These simulations start with a very complex digital model of the device to be tested (e.g., a car or a cell phone) and then simulate the physics of a dynamic event (e.g., an impact) by solving a series of differential equations over a period of time. Each stress or strain on one part of the model can create heat, movement, torque, etc. in other parts of the model, looking for areas where the model might deform or fail. These calculations can require high levels of compute and memory bandwidth on a compute node. Further, since an impact on one part of the model can cause changes in a distant part of the model, there can be high communication demands between compute nodes that have to share information between each other about how each of their assigned portions of the model are affected by, or are affecting, each other.
Figure 9: Altair Radioss performance (system level)
And a two-socket 32-core AMD EPYC 9384X system outperformed a two-socket 32-core Intel Xeon Platinum 8462Y+ system by ~1.37x on the same benchmarks.[9]
Figure 10: Altair Radioss performance (32 cores)
Figure 11: Ansys LS-DYNA performance (system level)
On a per-core basis, a two-socket 32-core AMD EPYC 9384X system outperformed a two-socket 32-core Intel Xeon Platinum 8462Y+ by up to ~1.89x on the 3car benchmark and also showed significantly higher performance on three other standard benchmarks.[10]
Figure 12: Ansys LS-DYNA performance (32 cores)
As presented above, the performance impact that AMD EPYC 9004 processors with AMD 3D V-Cache technology can deliver for technical computing workloads is impressive. If you are looking to minimize your time to solution, the highest core-count processors deliver exceptional performance per compute node. All of these workloads are very complex and solve very challenging problems. Further, the software licensing costs can be high, especially because software is often licensed on a per-core basis. Those looking to maximize the value of a per-core software license should consider mid-core count AMD EPYC 9004 processors with AMD 3D V-Cache technology to deliver a balance of exceptionally high per-core and per-node performance.

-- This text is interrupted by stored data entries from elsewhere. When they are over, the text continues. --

Lemma sum_delta0 : (\sum_i delta0 i)%N = 1%N.
Proof. by rewrite (bigD1 ord0) //= big1 ?addn0 // => i; rewrite /delta0 => /negbTE->. Qed.

Lemma is_Pmax_delta0 m M : (0 < M)%N -> mx_eventual_period Tmx m M ->
  (forall Q, is_eventual_period m delta0 Q -> (M %| Q)%N) -> is_Pmax m n.+1 M.
Proof.
move=> M_gt0 TM M_dvd; split.
  exists delta0; split=> //; split; first exact: eventual_period_of_mx.
  by move=> Q Q_gt0 /M_dvd /dvdn_leq; apply.
by move=> a P [P_gt0 [_ P_min]]; apply: P_min M_gt0 (eventual_period_of_mx _ TM).
Qed.

End ShiftOperator.

Local Close Scope ring_scope.

Section PrimePowerModuli.

Variables p n L : nat.
Hypotheses (p_pr : prime p) (p_gt2 : 2 < p) (p_n : coprime p n.+1).
Hypothesis L_cycle : cycle_length p (@delta0 n) L.

Lemma coprime_cycle_length : coprime p L.
Proof.
have [M [_ p_M TM]] := Tmx_frobenius_period p_pr p_n.
exact: coprime_dvdr (cycle_length_dvd L_cycle (eventual_period_of_mx _ TM)) p_M.
Qed.

Lemma Tmx_period_prime_pow k : mx_eventual_period (Tmx n) (p ^ k.+1)%N (p ^ k * L).
Proof.
elim: k => [|k IH].
  by rewrite mul1n; apply: eventual_period_delta0; case: L_cycle => _ [].
have p_dvd : (p%:Z %| Posz (p ^ k.+1)%N)%Z by rewrite dvdzE !absz_nat dvdn_exp.
by have := mx_eventual_period_lift p_dvd IH; rewrite -PoszM -expnSr mulnA -expnS.
Qed.

Lemma is_Pmax_prime_pow k :
  (forall Q, 2 ^ Q = 1 %[mod p ^ k.+1] -> p ^ k %| Q) ->
  is_Pmax (p ^ k.+1) n.+1 (p ^ k * L).
Proof.
move=> ord2_dvd; apply: (is_Pmax_delta0 _ (Tmx_period_prime_pow k)) => [|Q HQ].
  by case: L_cycle => L_gt0 _; rewrite muln_gt0 expn_gt0 prime_gt0.
rewrite Gauss_dvd ?coprimeXl ?coprime_cycle_length //; apply/andP; split.
  apply/ord2_dvd/(eventual_period_exp2 _ _ HQ); first exact: coprime2_odd_prime_pow.
  by rewrite sum_delta0 coprime1n.
by apply: cycle_length_dvd L_cycle _; apply: eventual_period_dvdn HQ; rewrite dvdn_exp.
Qed.

End PrimePowerModuli.

Theorem proposition5p3 (p n : nat) :
  prime p -> 2 < p -> ~ wieferich p -> 0 < n -> ~~ (p %| n) ->
  exists L : nat,
    [/\ is_Pmax p n L, is_Pmax (p ^ 2) n (p * L) & is_Pmax (p ^ 3) n (p ^ 2 * L)].
Proof.
move=> p_pr p_gt2 not_wief; case: n => // n _; rewrite -prime_coprime // => p_n.
have [M [M_gt0 _ TM]] := Tmx_frobenius_period p_pr p_n.
have [L L_cycle] := cycle_length_exists M_gt0 (eventual_period_of_mx (@delta0 n) TM).
have Pmax := is_Pmax_prime_pow p_pr p_gt2 p_n L_cycle.
exists L; split.
- by rewrite -[L]mul1n; apply: (Pmax 0) => Q _; rewrite dvd1n.
- by apply: (Pmax 1) => Q; apply: non_wieferich_dvd.
- by apply: (Pmax 2) => Q; apply: non_wieferich_dvd2.
Qed.
Lemma reach_coloop i y : reach i -> y \in A i -> y \in Y ->
  mrank partial_transversalb (Y :\ y) < mrank partial_transversalb Y.
Proof.
move=> ji yA yY.
pose U := [set u in Y | [exists k, reach k && (u \in A k)]].
have inU u : (u \in U) = (u \in Y) && [exists k, reach k && (u \in A k)] by rewrite inE.
clearbody U.
have reachU u : u \in U -> u \in S /\ reach (h u).
  by rewrite inU => /andP[uY /existsP[k /andP[jk uA]]]; apply: reach_matched jk uA uY.
have yU : y \in U by rewrite inU yY; apply/existsP; exists i; rewrite ji yA.
have [S' /andP[sS' /partial_transversalP[g mg]] <-] :=
  mrank_witness (Y :\ y) (partial_transversal0 (h y)).
have S'Y x : x \in S' -> x \in Y by move/(subsetP sS')/setD1P=> [].
(* Matching U by h and the rest of S' by g gives a partial transversal of Y, while S' has
   at most |U| - 1 elements in U. *)
pose D := [set x in S' :\: U | ~~ reach (g x)].
have inD x : (x \in D) = [&& x \notin U, x \in S' & ~~ reach (g x)].
  by rewrite !inE andbA.
clearbody D.
have sS'UD : S' \subset (S' :&: U) :|: D.
  apply/subsetP => x xS'; rewrite in_setU in_setI inD xS' /=.
  case xU: (x \in U) => //=; apply: contraFN xU => jgx.
  by rewrite inU S'Y //=; apply/existsP; exists (g x); rewrite jgx mg.2.
have card_UD : #|U| + #|D| <= #|S|.
  have disjUD : U :&: D = set0.
    by apply/setP => x; rewrite in_setI inD in_set0; case: (x \in U).
  rewrite maxS -[#|U| + _]subn0 -(cards0 T) -disjUD -cardsU; apply: mrank_ge.
    rewrite subUset; apply/andP; split; apply/subsetP => x.
      by rewrite inU => /andP[].
    by rewrite inD => /and3P[_ /S'Y].
  apply/partial_transversalP; eexists; apply: matching_glue.
  - by apply: matching_sub mh; apply/subsetP => u /reachU[].
  - by apply: matching_sub mg; apply/subsetP => x; rewrite inD => /and3P[].
  move=> x z /reachU[_ jhx]; rewrite inD => /and3P[_ _ jgz].
  by apply: contraNneq jgz => <-.
have card_S'U : #|S' :&: U| < #|U|.
  rewrite (cardsD1 y U) yU ltnS; apply: subset_leq_card; apply/subsetP => x.
  case/setIP=> xS' xU; rewrite in_setD1 xU andbT.
  by move/(subsetP sS')/setD1P: xS' => [].
have := subset_leq_card sS'UD; rewrite cardsU -maxS.
lia.
Qed.
Record Action (C : Category) (M : Monoidal C) (B : Category) := {
  act : C -> B -> B;
  actf : forall X Y P Q, hom X Y -> hom P Q -> hom (act X P) (act Y Q);
  actf_id : forall X P, actf X X P P (idm X) (idm P) = idm (act X P);
  actf_comp : forall X Y Z P Q R (f : hom X Y) (g : hom Y Z) (h : hom P Q) (l : hom Q R),
      actf X Z P R (g ∘ f) (l ∘ h) = actf Y Z Q R g l ∘ actf X Y P Q f h;
  aassoc : forall X Y P, hom (act (tens M X Y) P) (act X (act Y P));
  aassoc_inv : forall X Y P, hom (act X (act Y P)) (act (tens M X Y) P);
  aassoc_iso : forall X Y P, is_inverse (aassoc X Y P) (aassoc_inv X Y P);
  aassoc_nat : forall X X' Y Y' P P' (f : hom X X') (g : hom Y Y') (h : hom P P'),
      aassoc X' Y' P' ∘ actf _ _ _ _ (tensf M f g) h
      = actf _ _ _ _ f (actf _ _ _ _ g h) ∘ aassoc X Y P;
  aunit : forall P, hom (act (munit M) P) P;
  aunit_inv : forall P, hom P (act (munit M) P);
  aunit_iso : forall P, is_inverse (aunit P) (aunit_inv P);
  aunit_nat : forall P Q (f : hom P Q),
      aunit Q ∘ actf _ _ _ _ (idm (munit M)) f = f ∘ aunit P;
  apentagon : forall X Y Z P,
      aassoc X Y (act Z P) ∘ aassoc (tens M X Y) Z P
      = actf _ _ _ _ (idm X) (aassoc Y Z P) ∘ aassoc X (tens M Y Z) P
        ∘ actf _ _ _ _ (assoc M X Y Z) (idm P);
  atriangle : forall X P,
      actf _ _ _ _ (idm X) (aunit P) ∘ aassoc X (munit M) P
      = actf _ _ _ _ (runit M X) (idm P) }.

Arguments Action {C} M B.
Arguments act {C M B} _ X P.
Arguments actf {C M B} _ {X Y P Q} f g.
Arguments aassoc {C M B} _ X Y P.
Arguments aassoc_inv {C M B} _ X Y P.
Arguments aunit {C M B} _ P.
Arguments aunit_inv {C M B} _ P.

Record Functor (B D : Category) := {
  fob :> B -> D;
  fhom : forall P Q, hom P Q -> hom (fob P) (fob Q);
  fhom_id : forall P, fhom P P (idm P) = idm (fob P);
  fhom_comp : forall P Q R (f : hom P Q) (g : hom Q R),
      fhom P R (g ∘ f) = fhom Q R g ∘ fhom P Q f }.

Arguments fob {B D} _ P.
Arguments fhom {B D} _ {P Q} f.

Record CFunctor (C : Category) (M : Monoidal C) (B D : Category)
       (AB : Action M B) (AD : Action M D) := {
  cfun :> Functor B D;
  xi : forall X P, hom (cfun (act AB X P)) (act AD X (cfun P));
  xi_inv : forall X P, hom (act AD X (cfun P)) (cfun (act AB X P));
  xi_iso : forall X P, is_inverse (xi X P) (xi_inv X P);
  xi_nat : forall X Y P Q (f : hom X Y) (g : hom P Q),
      xi Y Q ∘ fhom cfun (actf AB f g) = actf AD f (fhom cfun g) ∘ xi X P;
  xi_assoc : forall X Y P,
      aassoc AD X Y (cfun P) ∘ xi (tens M X Y) P
      = actf AD (idm X) (xi Y P) ∘ xi X (act AB Y P) ∘ fhom cfun (aassoc AB X Y P);
  xi_unit : forall P,
      aunit AD (cfun P) ∘ xi (munit M) P = fhom cfun (aunit AB P) }.

Arguments CFunctor {C M B D} AB AD.
Arguments cfun {C M B D AB AD} _.
Arguments xi {C M B D AB AD} _ X P.
Arguments xi_inv {C M B D AB AD} _ X P.

(* ---------- C-monoidal categories ----------
   A monoidal category (A, AM) which is a C-category (AA) together with a coherent
   natural isomorphism chi : (X . U) (x) V -> X . (U (x) V), compatible with the
   action associativity/unit and with the associativity/right unit of A; this is
   exactly what makes omega (x) M : P |-> omega(P) (x) M a C-functor. *)
Record CMonoidal (C : Category) (M : Monoidal C) (A : Category) (AM : Monoidal A)
       (AA : Action M A) := {
  chi : forall X U V, hom (tens AM (act AA X U) V) (act AA X (tens AM U V));
  chi_inv : forall X U V, hom (act AA X (tens AM U V)) (tens AM (act AA X U) V);
  chi_iso : forall X U V, is_inverse (chi X U V) (chi_inv X U V);
  chi_nat : forall X X' U U' V V' (f : hom X X') (g : hom U U') (h : hom V V'),
      chi X' U' V' ∘ tensf AM (actf AA f g) h = actf AA f (tensf AM g h) ∘ chi X U V;
  chi_aassoc : forall X Y U V,
      aassoc AA X Y (tens AM U V) ∘ chi (tens M X Y) U V
      = actf AA (idm X) (chi Y U V) ∘ chi X (act AA Y U) V
        ∘ tensf AM (aassoc AA X Y U) (idm V);
  chi_aunit : forall U V,
      aunit AA (tens AM U V) ∘ chi (munit M) U V = tensf AM (aunit AA U) (idm V);
  chi_assoc : forall X U V W,
      chi X U (tens AM V W) ∘ assoc AM (act AA X U) V W
      = actf AA (idm X) (assoc AM U V W) ∘ chi X (tens AM U V) W
        ∘ tensf AM (chi X U V) (idm W);
  chi_runit : forall X U,
      actf AA (idm X) (runit AM U) ∘ chi X U (munit AM) = runit AM (act AA X U) }.

Arguments CMonoidal {C M A} AM AA.
Arguments chi {C M A AM AA} _ X U V.
Arguments chi_inv {C M A AM AA} _ X U V.

Section NatC.
Context {C : Category} {M : Monoidal C} {A : Category} {AM : Monoidal A}
        {AA : Action M A} (CA : CMonoidal AM AA)
        {B : Category} {AB : Action M B} (w : CFunctor AB AA).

4th Gen AMD EPYC processors deliver the performance and efficiency needed to tackle today’s most challenging workloads. The advent of 4th Gen AMD EPYC processors with AMD 3D V-Cache technology brings the proven performance of AMD 3D V-Cache technology to the 4th generation of AMD EPYC processors to deliver exceptional performance for many memory bandwidth bound workloads.
The significant single-node performance advantage of AMD EPYC 9004 Series Processors with AMD 3D V-Cache technology becomes even more pronounced when these are deployed against realistic workloads in a multi-node technical computing context. Adding more computational nodes to a technical computing cluster reduces the portion of the dataset being processed by each node. Enough reduction allows each portion of the dataset to fit entirely within the L3 cache in each compute node, which causes a sudden performance boost called super-linear scaling.[4] This behavior is not unusual for processors, but the industry-leading 1152MB size of the L3 cache in AMD EPYC 9004 Series Processors with AMD 3D V-Cache technology (3x the 384MB of the standard EPYC 9004 series L3 cache) show excellent scalability, including super-linear scaling.
For example, AMD testing showed that the OpenFOAM Motorbike model with the 130x52x52 mesh exhibits super-linear scaling of ~2.50X at two nodes. This speedup extends to ~6.40x at four nodes and ~13.55x at eight nodes. The accelerating scalability as more nodes are added demonstrates the super-linear scaling effect.[8]
Figure 13: OpenFOAM super-linear scaling
AMD is steadfastly committed to our partners. We understand the need to address the evolution of the various market segments and verticals that our partners serve. We continue innovating products that deliver exceptional performance and efficiency. The introduction of AMD EPYC 9004 processors with AMD 3D V-Cache technology is yet another milestone on our ongoing quest to continue delivering the world’s preeminent datacenter processors.
AMD offers guidance around the best CPU tuning practices to achieve optimal performance on these key workloads when deploying 4th Gen AMD EPYC processors for your environment. Please visit AMD EPYC™ Server Processors to learn more.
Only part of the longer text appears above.